也是難得有此閑暇時光,讓兩人有時間靜靜相偎,共沐溫水。
最后林風索性枕在古月娜大長腿上,開始閉目養神。
“你打算關秋兒到幾時?”
古月娜正幫林風按著頭呢,聽到這話,指間稍一用力,林風差點被撕下一塊皮...
“好好的氣氛,為什么偏要提旁人?”
林風訕訕一笑:“啊哈哈,我就隨口一問罷了。

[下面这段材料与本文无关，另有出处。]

(* Let $b(r)$ be a smooth positive function on an open interval of $r>0$ and consider the metric $ds^2=-b^2dt^2+b^{-2}dr^2+r^2(d\theta^2+\sin^2\theta\,d\phi^2)$. Let $\kappa_1,\kappa_2,q$ be constants, set $\Lambda=-\kappa_1$, $\lambda=-\kappa_2$, and let $$K_{kl}=\kappa_2r^2\,u_ku_l+(\kappa_1+2\kappa_2r^2)g_{kl}-\kappa_2r^2\,\chi_k\chi_l,\qquad T_{kl}=\frac{q^2}{r^4}\left(2u_ku_l-2\chi_k\chi_l+g_{kl}\right).$$ Then the conformal Killing gravity field equations $R_{kl}-\tfrac12Rg_{kl}=T_{kl}+K_{kl}$ hold if and only if there is a constant $M$ such that $$b^2(r)=1-\frac{2M}{r}-\frac{\Lambda}{3}r^2+\frac{q^2}{r^2}-\frac{\lambda}{5}r^4 .$$
   Context: $u_k$ is the unit timelike covector with components $u_0=-b$ and all others zero; $\chi_k$ is the unit radial covector with $\chi_r=1/b$ and all others zero. $R_{kl}$ is the Ricci tensor and $R$ the scalar curvature. $T_{kl}$ is the stress-energy tensor of linear electrodynamics (Lagrangian $\mathscr L(F)=F$) with Coulomb electric field $\mathbb E=q_e/r^2$ and monopole magnetic field $\mathbb B=q_m/r^2$, $q^2=q_e^2+q_m^2$, i.e. $T_{kl}=2(\mathbb E^2+\mathbb B^2)(u_ku_l-\chi_k\chi_l)+(\mathbb E^2+\mathbb B^2)g_{kl}$. $K_{kl}$ is the divergence-free conformal Killing tensor $\mathsf Au_ku_l+\mathsf Bg_{kl}+\mathsf C\chi_k\chi_l$ with $\mathsf A=\kappa_2 r^2-2\kappa_3b^2$, $\mathsf B=\kappa_1+2\kappa_2r^2+\kappa_3b^2$, $\mathsf C=-\kappa_2r^2$, specialized to $\kappa_3=0$ (the case $h=bf_1=1$). *)

From Stdlib Require Import Reals Lra.
From Coquelicot Require Import Coquelicot.
Open Scope R_scope.

(* A point of the coordinate chart: x 0 = t, x 1 = r, x 2 = theta, x 3 = phi. *)
Definition coord := nat -> R.

Definition upd (x : coord) (i : nat) (s : R) : coord :=
  fun j => if Nat.eqb j i then s else x j.

Definition pd (i : nat) (F : coord -> R) (x : coord) : R :=
  Derive (fun s => F (upd x i s)) (x i).

Definition sum4 (f : nat -> R) : R := f 0%nat + f 1%nat + f 2%nat + f 3%nat.

Definition tensor2 := nat -> nat -> coord -> R.

Definition christoffel (g ginv : tensor2) (k i j : nat) (x : coord) : R :=
  / 2 * sum4 (fun l => ginv k l x *
        (pd i (g j l) x + pd j (g i l) x - pd l (g i j) x)).

Definition ricci (g ginv : tensor2) (i j : nat) (x : coord) : R :=
  sum4 (fun k =>
    pd k (christoffel g ginv k i j) x - pd j (christoffel g ginv k i k) x
    + sum4 (fun l => christoffel g ginv k k l x * christoffel g ginv l i j x
                     - christoffel g ginv k j l x * christoffel g ginv l i k x)).

Definition scalar_curv (g ginv : tensor2) (x : coord) : R :=
  sum4 (fun i => sum4 (fun j => ginv i j x * ricci g ginv i j x)).

Definition einstein (g ginv : tensor2) (i j : nat) (x : coord) : R :=
  ricci g ginv i j x - / 2 * scalar_curv g ginv x * g i j x.

Definition diag_metric (d : nat -> coord -> R) : tensor2 :=
  fun i j x => if Nat.eqb i j then d i x else 0.
Definition diag_metric_inv (d : nat -> coord -> R) : tensor2 :=
  fun i j x => if Nat.eqb i j then / d i x else 0.

Definition sss_diag (b : R -> R) (i : nat) (x : coord) : R :=
  match i with
  | 0%nat => - (b (x 1%nat)) ^ 2
  | 1%nat => / (b (x 1%nat)) ^ 2
  | 2%nat => (x 1%nat) ^ 2
  | _ => (x 1%nat) ^ 2 * (sin (x 2%nat)) ^ 2
  end.

Definition gmet (b : R -> R) : tensor2 := diag_metric (sss_diag b).
Definition ginvmet (b : R -> R) : tensor2 := diag_metric_inv (sss_diag b).

(* unit timelike covector u_k (u_0 = -b) and unit radial covector chi_k (chi_r = 1/b) *)
Definition ucov (b : R -> R) (k : nat) (x : coord) : R :=
  if Nat.eqb k 0 then - b (x 1%nat) else 0.
Definition chicov (b : R -> R) (k : nat) (x : coord) : R :=
  if Nat.eqb k 1 then / b (x 1%nat) else 0.

Definition Tem (q : R) (b : R -> R) (k l : nat) (x : coord) : R :=
  q ^ 2 / (x 1%nat) ^ 4 *
  (2 * ucov b k x * ucov b l x - 2 * chicov b k x * chicov b l x + gmet b k l x).

Definition Kckg (k1 k2 : R) (b : R -> R) (k l : nat) (x : coord) : R :=
  k2 * (x 1%nat) ^ 2 * ucov b k x * ucov b l x
  + (k1 + 2 * k2 * (x 1%nat) ^ 2) * gmet b k l x
  - k2 * (x 1%nat) ^ 2 * chicov b k x * chicov b l x.

(** In terms of f = b^2 the field equations reduce to two radial ODEs. Both are
    captured by the mass function
      m(r) = r/2 (1 - f + kappa1 r^2/3 + q^2/r^2 + kappa2 r^4/5):
    the Einstein tensor minus the sources equals -(2 m'/r^2) g on the (t, r)
    block and -(m''/r) g on the sphere. So the field equations hold iff
    m' = m'' = 0 on the interval, i.e. iff m is a constant M, which is the
    claimed form of b^2. *)
From Stdlib Require Import Reals Lra Lia.
From Coquelicot Require Import Coquelicot.
Open Scope R_scope.

Lemma locally_open_interval (a : R) (c : Rbar) (r : R) :
  a < r -> Rbar_lt r c -> locally r (fun s => a < s /\ Rbar_lt s c).
Proof.
  intros Har Hrc.
  apply filter_and; [exact (open_gt a r Har) | exact (open_Rbar_lt' _ _ Hrc)].
Qed.

Lemma Derive_locally_const (h : R -> R) (C s : R) :
  locally s (fun t => h t = C) -> Derive h s = 0.
Proof.
  intros Hloc. rewrite (Derive_ext_loc _ (fun _ => C) _ Hloc). apply Derive_const.
Qed.

Lemma Derive_zero_iff_const (h : R -> R) (a : R) (c : Rbar) :
  Rbar_lt a c ->
  (forall s, a < s -> Rbar_lt s c -> ex_derive h s) ->
  (forall s, a < s -> Rbar_lt s c -> Derive h s = 0) <->
  exists C, forall s, a < s -> Rbar_lt s c -> h s = C.
Proof.
  intros Hac Hder. split.
  - intros Hzero.
    assert (Hderiv : forall s, a < s -> Rbar_lt s c -> is_derive h s 0).
    { intros s Has Hsc. rewrite <- (Hzero s Has Hsc). apply Derive_correct, Hder; auto. }
    assert (Hbase : exists r0, a < r0 /\ Rbar_lt r0 c).
    { destruct c as [c'| |]; simpl in *; try contradiction.
      - exists ((a + c') / 2); split; lra.
      - exists (a + 1); split; [lra | exact I]. }
    destruct Hbase as [r0 [Har0 Hr0c]].
    exists (h r0). intros r Har Hrc.
    assert (Hbetween : forall y, Rmin r0 r <= y <= Rmax r0 r -> a < y /\ Rbar_lt y c).
    { intros y [Hy1 Hy2]. unfold Rmin, Rmax in *.
      destruct (Rle_dec r0 r); destruct c as [c'| |]; simpl in *; split; try lra; auto. }
    destruct (MVT_gen h r0 r (fun _ => 0)) as [z [_ Hz]].
    + intros y Hy. destruct (Hbetween y) as [Hay Hyc]; [lra | auto].
    + intros y Hy. destruct (Hbetween y Hy) as [Hay Hyc].
      apply derivable_continuous_pt. exists 0. apply is_derive_Reals; auto.
    + lra.
  - intros [C HC] s Has Hsc.
    apply (Derive_locally_const _ C).
    eapply filter_imp; [| exact (locally_open_interval a c s Has Hsc)].
    intros t [Hat Htc]; auto.
Qed.

Ltac destruct_index k := destruct k as [|[|[|[|k]]]]; [| | | | lia].

(* [auto_derive] leaves [b] and [Derive b] eta-expanded in its side conditions. *)
Ltac fold_eta b :=
  repeat change (fun x : R => b x) with b;
  repeat change (fun x : R => Derive b x) with (Derive b).

Ltac nonzero_side :=
  repeat split; auto;
  repeat apply Rmult_integral_contrapositive_currified; auto; try lra.

Section StaticSphericallySymmetric.

Variables (b : R -> R) (a : R) (c : Rbar).
Hypothesis a_ge0 : 0 <= a.
Hypothesis b_pos : forall r, a < r -> Rbar_lt r c -> 0 < b r.
Hypothesis b_smooth : forall (n : nat) r, a < r -> Rbar_lt r c -> ex_derive_n b n r.

Lemma ex_derive_b r : a < r -> Rbar_lt r c -> ex_derive b r.
Proof. exact (b_smooth 1 r). Qed.

Lemma ex_derive_Derive_b r : a < r -> Rbar_lt r c -> ex_derive (Derive b) r.
Proof. exact (b_smooth 2 r). Qed.

Definition in_chart (x : coord) : Prop :=
  a < x 1%nat /\ Rbar_lt (x 1%nat) c /\ 0 < x 2%nat < PI.

Lemma in_chart_nonzero x :
  in_chart x -> b (x 1%nat) <> 0 /\ x 1%nat <> 0 /\ sin (x 2%nat) <> 0.
Proof.
  intros [Har [Hrc Hth]]. split; [apply Rgt_not_eq, b_pos; auto |]. split; [lra |].
  apply Rgt_not_eq, sin_gt_0; lra.
Qed.

Lemma in_chart_locally x :
  in_chart x -> forall m, locally (x m) (fun s => in_chart (upd x m s)).
Proof.
  intros [Har [Hrc Hth]] m.
  destruct m as [|[|[|m]]].
  - apply filter_forall; intros s; unfold in_chart, upd; simpl; tauto.
  - eapply filter_imp; [| exact (locally_open_interval a c _ Har Hrc)].
    intros s [Has Hsc]; unfold in_chart, upd; simpl; tauto.
  - eapply filter_imp;
      [| apply filter_and; [apply (open_gt 0); apply Hth | apply (open_lt PI); apply Hth]].
    intros s [Hs0 HsPI]; unfold in_chart, upd; simpl; tauto.
  - apply filter_forall; intros s; unfold in_chart, upd; simpl; tauto.
Qed.

Definition sss_dmetric (i j l : nat) (x : coord) : R :=
  let r := x 1%nat in let th := x 2%nat in
  match i, j, l with
  | 1%nat, 0%nat, 0%nat => -2 * b r * Derive b r
  | 1%nat, 1%nat, 1%nat => -2 * Derive b r / b r ^ 3
  | 1%nat, 2%nat, 2%nat => 2 * r
  | 1%nat, 3%nat, 3%nat => 2 * r * sin th ^ 2
  | 2%nat, 3%nat, 3%nat => 2 * r ^ 2 * sin th * cos th
  | _, _, _ => 0
  end.

Lemma pd_gmet x i j l : in_chart x -> (i < 4)%nat -> (j < 4)%nat -> (l < 4)%nat ->
  pd i (gmet b j l) x = sss_dmetric i j l x.
Proof.
  intros Hx Hi Hj Hl.
  destruct (in_chart_nonzero x Hx) as [Hb _].
  destruct Hx as [Har [Hrc _]].
  pose proof (ex_derive_b _ Har Hrc) as Hdb.
  destruct_index i; destruct_index j; destruct_index l;
  unfold pd, gmet, diag_metric, sss_diag, upd, sss_dmetric; simpl;
  apply is_derive_unique; auto_derive; fold_eta b; try nonzero_side; try field; auto.
Qed.

Definition sss_christoffel (k i j : nat) (x : coord) : R :=
  let r := x 1%nat in let th := x 2%nat in
  match k, i, j with
  | 0%nat, 0%nat, 1%nat | 0%nat, 1%nat, 0%nat => Derive b r / b r
  | 1%nat, 0%nat, 0%nat => b r ^ 3 * Derive b r
  | 1%nat, 1%nat, 1%nat => - Derive b r / b r
  | 1%nat, 2%nat, 2%nat => - r * b r ^ 2
  | 1%nat, 3%nat, 3%nat => - r * b r ^ 2 * sin th ^ 2
  | 2%nat, 1%nat, 2%nat | 2%nat, 2%nat, 1%nat => / r
  | 2%nat, 3%nat, 3%nat => - sin th * cos th
  | 3%nat, 1%nat, 3%nat | 3%nat, 3%nat, 1%nat => / r
  | 3%nat, 2%nat, 3%nat | 3%nat, 3%nat, 2%nat => cos th / sin th
  | _, _, _ => 0
  end.

Lemma christoffel_gmet x k i j :
  in_chart x -> (k < 4)%nat -> (i < 4)%nat -> (j < 4)%nat ->
  christoffel (gmet b) (ginvmet b) k i j x = sss_christoffel k i j x.
Proof.
  intros Hx Hk Hi Hj.
  destruct (in_chart_nonzero x Hx) as [Hb [Hr Hs]].
  unfold christoffel, sum4.
  rewrite !pd_gmet by (auto; lia).
  destruct_index k; destruct_index i; destruct_index j;
  unfold ginvmet, diag_metric_inv, sss_diag, sss_dmetric, sss_christoffel; simpl;
  field; auto.
Qed.

Definition sss_dchristoffel (m k i j : nat) (x : coord) : R :=
  let r := x 1%nat in let th := x 2%nat in
  let B := b r in let B1 := Derive b r in let B2 := Derive (Derive b) r in
  match m, k, i, j with
  | 1%nat, 0%nat, 0%nat, 1%nat | 1%nat, 0%nat, 1%nat, 0%nat => B2 / B - B1 ^ 2 / B ^ 2
  | 1%nat, 1%nat, 0%nat, 0%nat => 3 * B ^ 2 * B1 ^ 2 + B ^ 3 * B2
  | 1%nat, 1%nat, 1%nat, 1%nat => - (B2 / B - B1 ^ 2 / B ^ 2)
  | 1%nat, 1%nat, 2%nat, 2%nat => - (B ^ 2 + 2 * r * B * B1)
  | 1%nat, 1%nat, 3%nat, 3%nat => - (B ^ 2 + 2 * r * B * B1) * sin th ^ 2
  | 1%nat, 2%nat, 1%nat, 2%nat | 1%nat, 2%nat, 2%nat, 1%nat
  | 1%nat, 3%nat, 1%nat, 3%nat | 1%nat, 3%nat, 3%nat, 1%nat => - / r ^ 2
  | 2%nat, 1%nat, 3%nat, 3%nat => - r * B ^ 2 * 2 * sin th * cos th
  | 2%nat, 2%nat, 3%nat, 3%nat => - (cos th ^ 2 - sin th ^ 2)
  | 2%nat, 3%nat, 2%nat, 3%nat | 2%nat, 3%nat, 3%nat, 2%nat =>
      - (sin th ^ 2 + cos th ^ 2) / sin th ^ 2
  | _, _, _, _ => 0
  end.

Lemma pd_christoffel_gmet x m k i j : in_chart x ->
  (m < 4)%nat -> (k < 4)%nat -> (i < 4)%nat -> (j < 4)%nat ->
  pd m (christoffel (gmet b) (ginvmet b) k i j) x = sss_dchristoffel m k i j x.
Proof.
  intros Hx Hm Hk Hi Hj.
  destruct (in_chart_nonzero x Hx) as [Hb [Hr Hs]].
  pose proof (in_chart_locally x Hx m) as Hloc.
  destruct Hx as [Har [Hrc _]].
  pose proof (ex_derive_b _ Har Hrc) as Hdb.
  pose proof (ex_derive_Derive_b _ Har Hrc) as Hddb.
  unfold pd.
  rewrite (Derive_ext_loc _ (fun s => sss_christoffel k i j (upd x m s))).
  2: { eapply filter_imp; [| exact Hloc]. intros s Hs'. apply christoffel_gmet; auto. }
  destruct_index m; destruct_index k; destruct_index i; destruct_index j;
  unfold sss_christoffel, upd, sss_dchristoffel; simpl;
  apply is_derive_unique; auto_derive; fold_eta b; try nonzero_side; try field; auto.
Qed.

Definition sss_ricci (i j : nat) (x : coord) : R :=
  let r := x 1%nat in let th := x 2%nat in
  let B := b r in let B1 := Derive b r in let B2 := Derive (Derive b) r in
  let P := B1 ^ 2 + B * B2 + 2 * B * B1 / r in
  match i, j with
  | 0%nat, 0%nat => B ^ 2 * P
  | 1%nat, 1%nat => - P / B ^ 2
  | 2%nat, 2%nat => 1 - B ^ 2 - 2 * r * B * B1
  | 3%nat, 3%nat => sin th ^ 2 * (1 - B ^ 2 - 2 * r * B * B1)
  | _, _ => 0
  end.

Lemma ricci_gmet x i j : in_chart x -> (i < 4)%nat -> (j < 4)%nat ->
  ricci (gmet b) (ginvmet b) i j x = sss_ricci i j x.
Proof.
  intros Hx Hi Hj.
  destruct (in_chart_nonzero x Hx) as [Hb [Hr Hs]].
  unfold ricci, sum4.
  rewrite !pd_christoffel_gmet, !christoffel_gmet by (auto; lia).
  destruct_index i; destruct_index j;
  unfold sss_christoffel, sss_dchristoffel, sss_ricci; simpl; try field; auto.
Qed.

Variables (q kappa1 kappa2 : R).

Definition mass (s : R) : R :=
  (s - s * b s ^ 2 + kappa1 * s ^ 3 / 3 + q ^ 2 / s + kappa2 * s ^ 5 / 5) / 2.

Lemma Derive_mass r : a < r -> Rbar_lt r c ->
  Derive mass r = (1 - b r ^ 2 - 2 * r * b r * Derive b r
                   + kappa1 * r ^ 2 - q ^ 2 / r ^ 2 + kappa2 * r ^ 4) / 2.
Proof.
  intros Har Hrc.
  assert (Hr : r <> 0) by lra.
  pose proof (ex_derive_b _ Har Hrc) as Hdb.
  apply is_derive_unique; unfold mass; auto_derive; fold_eta b;
    [nonzero_side | field; auto].
Qed.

”
他學乖了,以后再碰到類似的場景,他再也不會提起其它女人了。
小插曲很快被兩人忘記...
林風安心的枕于她腿上,無比愜意。
他忽然發現一件事,女人這大腿真是好東西...
低頭有彼此,抬頭有奈何...
心中無比安心,不知不覺間,林風面壁之下,沉沉睡去。
他都記不清到底有多久不曾這么安心的入眠。
倚靠在古月娜身上,這一覺讓他睡得格外深沉。
她也沒有喚醒他,只靜靜凝望他睡顏,指尖不時輕撫過他發梢。
翌日清晨,林風悠悠轉醒。
睜眼便是巍峨峰巒近在咫尺。
他這才想起來,昨夜他好像被罰面壁思過了一宿。
“醒了?”
“呃,你怎么沒叫醒我?不過這覺睡得確實踏實...”
古月娜瞥他一眼:“既然醒了,還不快點起來?你還想要賴到什么時候?”
“哎,這就起,這就起...”林風舒展了一番筋骨。
正要前去更衣時,又被古月娜叫住。
“林風...”
林風聞言回身看去。
只見古月娜面頰微微泛紅,纖指指向某處。
“那個...不處理一下,沒事嗎?”
林風順著她所指低頭看去,不以為意的擺擺手說道:“無妨,每天都這樣!”
古月娜聽完,輕輕頷首,好像學到了一些沒用的知識。
她輕咳兩聲,說道:“瞧著好像挺有精神的。”
“那可不,你想不想試一試它的身手?”
古月娜直接別過臉,揮了揮手,道:“沒事快走,別害我長針眼...”
林風莞爾一笑,整好衣衫便直接離去。
離開古月娜的小院,他徑直出現在紫菱房內。
入眼便見紫菱正專心修煉。
心中暗嘆:這女人確實刻苦,應該是徹夜修煉,沒有睡覺。
這怎么能行?繼續這樣下去,早晚會走火入魔。
于是林風親手教導她何為勞逸結合。
又口口相傳,細細解說,讓她知道急于求成的危害。
整整花了一個上午的時間才依依不舍的告辭離去。
午后,他又陪伴唐月華在房中閑敘,研究武學,為其傳道授業...
到了晚上,他又和柳二瓏相約,同游二龍山。
一天奔波勞累,林風可以說是腳不沾地。
次日清晨
林風早早起床,和眾人一一辭行。
這次回來,該安慰的人也都安慰過了,可以安心離開。
這次再出門,他也不知道要多久,因為他即將前往海神島。
麗婭和阿藍她們還在陰陽兩儀眼。
所以他和古月娜還是要先去一趟陰陽兩儀眼接人!
古月娜還是第一次踏足這里。
一路上,林風給她講解著這個地方形成的原因...
“前面就是陰陽兩儀眼了,這里之所以這么特殊,是因為冰火兩位龍王在此隕落而形成..”
“這就是它們的埋骨之地呀!”
林風暗暗搖頭,什么埋骨之地?遺骨都被他吸收干凈了,現在連一絲骨灰都沒有留下。
說到兩位龍王,林風又感慨了一句:
“我也是因為吸收了二位龍王的遺骨,這才讓我凝聚出冰火雙武魂的。”
“話說回來,我倒是真該謝謝他們才對。”
古月娜微微挑眉:“哦?此話怎講?”
林風笑著解釋道:“要不是因為它們成全,我今日的成就說不定要大打折扣。”
“也正是應他們的請求,讓我將龍丹交給你,這才有了你我之間的緣分,要不然我還不知道能不能娶到你這么好的妻子。”
古月娜聞聽這話,心中像是浸了蜜一般。
唇角不自覺的勾起一抹淺笑。
她忽然覺得眼前這個男人,除了貪歡好色,倒真挑不出什么其它毛病。
不過她總能自我腦補:既然心悅一個人,那就要接納他的全部,包括優點和缺點,不是么?
不知不覺間,古月娜腳步變得輕快了許多。
二人的身影漸漸沒入氤氳霧氣之中。
這些迷霧毒瘴對于他們兩個而言,形同虛設。
步履悠然穿行于林間,此刻距離陰陽兩儀眼已經非常接近。